Exercise material below:

Lemma bregman_step R :
  (forall i k, free_entry R i k ->
     (per (pin R i k))%:R <= \prod_j bregman_root (deg (pin R i k) j)) ->
  (per R)%:R <= \prod_i bregman_root (deg R i).
Proof.
move=> IH; have [->|per_gt0] := posnP (per R).
  by rewrite prodr_ge0 // => i _; apply: bregman_root_ge0.
have [s0 s0R] : exists s0, s0 \in supported R by apply/card_gt0P.
rewrite (prod_bregman_free_rows s0R).
set J := free_rows R; set P := per R.
have [J0|J_gt0] := posnP #|J|.
  have J_empty : J = set0 by apply: cards0_eq.
  by rewrite J_empty big_set0 lern1 per_le1.
have bound_ge0 : 0 <= \prod_(i in J) bregman_root (deg R i).
  by apply: prodr_ge0 => i _; apply: bregman_root_ge0.
rewrite -(ler_pXn2r (n := (#|J| * P)%N)) ?muln_gt0 ?J_gt0 // ?nnegrE ?ler0n //.
rewrite mulnC exprM -prodr_const.
apply: (@le_trans _ _ (\prod_(i in J) ((deg R i)%:R ^+ P
          * \prod_(k in [set k | R i k]) (per (pin R i k))%:R ^+ per (pin R i k)))).
  by apply: ler_prod => i _; rewrite exprn_ge0 ?ler0n //= per_pow_le.
rewrite prod_per_pow_regroup.
apply: (@le_trans _ _ (\prod_(s in supported R) \prod_(i in J)
          ((deg R i)%:R * \prod_j bregman_root (deg (pin R i (s i)) j)))).
  apply: ler_prod => s sR; rewrite prodr_ge0 /=; last by move=> i _; rewrite mulr_ge0 ?ler0n.
  apply: ler_prod => i iJ; rewrite mulr_ge0 ?ler0n //=.
  by rewrite ler_wpM2l ?ler0n // IH // free_row_entry.
by rewrite (eq_bigr _ (fun s sR => pinned_product sR)) prodr_const -exprM mulnC.
Qed.

Theorem bregman R : (per R)%:R <= \prod_i bregman_root (deg R i).
Proof.
move: {2}#|free_entries R| (leqnn #|free_entries R|) => n.
elim: n R => [|n IHn] R le_n; apply: bregman_step => i k /free_entries_pin lt_n.
  by move: (leq_trans lt_n le_n).
by apply: IHn; rewrite -ltnS (leq_trans lt_n le_n).
Qed.
End Bregman.

Local Close Scope ring_scope.

(* The partner maps of perfect matchings are the fixed-point-free involutions. *)
Definition fpf_involution (T : finType) (f : T -> T) : Prop :=
  involutive f /\ forall v, f v != v.

(* The key of v for h: the enum rank of the least element of the h-orbit of v.
   For injective h, two points share their key iff they lie on the same orbit. *)
Definition orbit_key (T : finType) (h : T -> T) (v : T) : nat :=
  enum_rank [arg min_(w < v | fconnect h v w) enum_rank w].

Lemma orbit_key_eq (T : finType) (h h' : T -> T) v v' :
  fconnect h v =1 fconnect h' v' -> orbit_key h v = orbit_key h' v'.
Proof.
move=> same_orbit; rewrite /orbit_key.
case: arg_minnP => [|a orb_a min_a]; first exact: connect0.
case: arg_minnP => [|b orb_b min_b]; first exact: connect0.
by apply/eqP; rewrite eqn_leq min_a ?same_orbit // min_b // -same_orbit.
Qed.

Lemma orbit_key_mem (T : finType) (h : T -> T) v :
  exists2 a, fconnect h v a & orbit_key h v = enum_rank a.
Proof.
rewrite /orbit_key; case: arg_minnP => [|a orb_a _]; first exact: connect0.
by exists a.
Qed.

Lemma fconnect_iterP (T : finType) (h : T -> T) v w :
  fconnect h v w <-> exists n, iter n h v = w.
Proof.
split=> [vw|[n <-]]; last exact: fconnect_iter.
by exists (findex h v w); apply: iter_findex.
Qed.

(* If f and g are the partner
   maps of two perfect matchings, the orbits of rot := g \o f run along the
   alternating cycles of their union; on each such cycle one of the two
   orientations is selected by comparing orbit keys, and orient f g follows f
   or g accordingly. *)
Section Orientation.
Variables (T : finType) (f g : T -> T).
Hypotheses (Hf : fpf_involution f) (Hg : fpf_involution g).

Definition rot (v : T) : T := g (f v).
Definition forward (v : T) : bool := (orbit_key rot v < orbit_key rot (f v))%N.
Definition orient (v : T) : T := if forward v then f v else g v.

Lemma rot_inj : injective rot.
Proof. by case: Hf Hg => fK _ [gK _] x y /(inv_inj gK) /(inv_inj fK). Qed.

(* Parity: v and f v lie on different rot-orbits. *)
Lemma f_not_in_rot_orbit v : ~~ fconnect rot v (f v).
Proof.
case: Hf Hg => fK f_neq [gK g_neq]; apply/negP => /fconnect_iterP[n].
suff iter_neq k u : iter k rot u != f u /\ iter k.+1 rot u != f u.
  by have [/eqP] := iter_neq n v.
elim: k u => [|k IHk] u.
  by split; [rewrite /= eq_sym f_neq | apply: g_neq].
split; first by case: (IHk u).
rewrite iterS iterSr; apply/eqP => iter_eq.
have rot_f : rot (f (rot u)) = f u by rewrite /rot fK gK.
rewrite -rot_f in iter_eq; move/rot_inj: iter_eq => iter_eq.
by case: (IHk (rot u)) => /eqP.
Qed.

Lemma orbit_key_rot v : orbit_key rot (rot v) = orbit_key rot v.
Proof. by apply: orbit_key_eq => w; rewrite -same_fconnect1 //; apply: rot_inj. Qed.

Lemma forward_rot v : forward (rot v) = forward v.
Proof.
case: Hf Hg => fK _ [gK _]; rewrite /forward orbit_key_rot; congr (_ < _)%N.
have -> : f v = rot (f (g (f v))) by rewrite /rot fK gK.
by rewrite orbit_key_rot.
Qed.

Lemma orbit_key_f_neq v : orbit_key rot v != orbit_key rot (f v).
Proof.
have [a orb_a ->] := orbit_key_mem rot v; have [b orb_b ->] := orbit_key_mem rot (f v).
apply/negP => /eqP/val_inj/enum_rank_inj ab; subst b.
move/negP: (f_not_in_rot_orbit v); apply; apply: connect_trans orb_a _.
by rewrite fconnect_sym //; apply: rot_inj.
Qed.

Lemma forward_f v : forward (f v) = ~~ forward v.
Proof.
case: Hf => fK _; rewrite /forward fK; have := orbit_key_f_neq v.
by case: ltngtP.
Qed.

Lemma forward_g v : forward (g v) = ~~ forward v.
Proof.
case: Hf => fK _; have -> : g v = rot (f v) by rewrite /rot fK.
by rewrite forward_rot forward_f.
Qed.

Lemma orient_inj : injective orient.
Proof.
case: Hf Hg => fK _ [gK _] v w; rewrite /orient.
case fw_v: (forward v); case fw_w: (forward w) => vw.
- exact: (inv_inj fK).
- by move: (forward_f v) (forward_g w); rewrite vw fw_v fw_w => ->.
- by move: (forward_g v) (forward_f w); rewrite vw fw_v fw_w => ->.
- exact: (inv_inj gK).
Qed.

Lemma forward_finv v : forward (finv rot v) = forward v.
Proof. by rewrite -[in RHS](f_finv rot_inj v) forward_rot. Qed.

Lemma orient2E v :
  orient (orient v) = (if forward v then rot else finv rot) v.
Proof.
case: Hf Hg => fK _ [gK _]; rewrite /orient; case fw_v: (forward v).
  by rewrite forward_f fw_v.
rewrite forward_g fw_v /=; apply: rot_inj.
by rewrite f_finv; [rewrite /rot fK gK | apply: rot_inj].
Qed.

Lemma orient2_iter n v :
  iter n (orient \o orient) v = iter n (if forward v then rot else finv rot) v.
Proof.
have fw_iter k : forward (iter k (if forward v then rot else finv rot) v) = forward v.
  by elim: k => //= k; case: ifP => _; rewrite ?forward_rot ?forward_finv.
by elim: n => //= n ->; rewrite orient2E fw_iter.
Qed.

Lemma orient2_orbit v : fconnect (orient \o orient) v =1 fconnect rot v.
Proof.
move=> w; transitivity (fconnect (if forward v then rot else finv rot) v w).
  by apply/idP/idP => /fconnect_iterP[n <-]; apply/fconnect_iterP; exists n;
     rewrite orient2_iter.
by case: (forward v); rewrite ?same_fconnect_finv //; apply: rot_inj.
Qed.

End of Exercise material.

Task instructions
Go to the line holding "Lemma forward_finv v" in the entries above and return it, along with every line after it, exactly as written.

Answer area
Lemma forward_finv v : forward (finv rot v) = forward v.
Proof. by rewrite -[in RHS](f_finv rot_inj v) forward_rot. Qed.

Lemma orient2E v :
  orient (orient v) = (if forward v then rot else finv rot) v.
Proof.
case: Hf Hg => fK _ [gK _]; rewrite /orient; case fw_v: (forward v).
  by rewrite forward_f fw_v.
rewrite forward_g fw_v /=; apply: rot_inj.
by rewrite f_finv; [rewrite /rot fK gK | apply: rot_inj].
Qed.

Lemma orient2_iter n v :
  iter n (orient \o orient) v = iter n (if forward v then rot else finv rot) v.
Proof.
have fw_iter k : forward (iter k (if forward v then rot else finv rot) v) = forward v.
  by elim: k => //= k; case: ifP => _; rewrite ?forward_rot ?forward_finv.
by elim: n => //= n ->; rewrite orient2E fw_iter.
Qed.

Lemma orient2_orbit v : fconnect (orient \o orient) v =1 fconnect rot v.
Proof.
move=> w; transitivity (fconnect (if forward v then rot else finv rot) v w).
  by apply/idP/idP => /fconnect_iterP[n <-]; apply/fconnect_iterP; exists n;
     rewrite orient2_iter.
by case: (forward v); rewrite ?same_fconnect_finv //; apply: rot_inj.
Qed.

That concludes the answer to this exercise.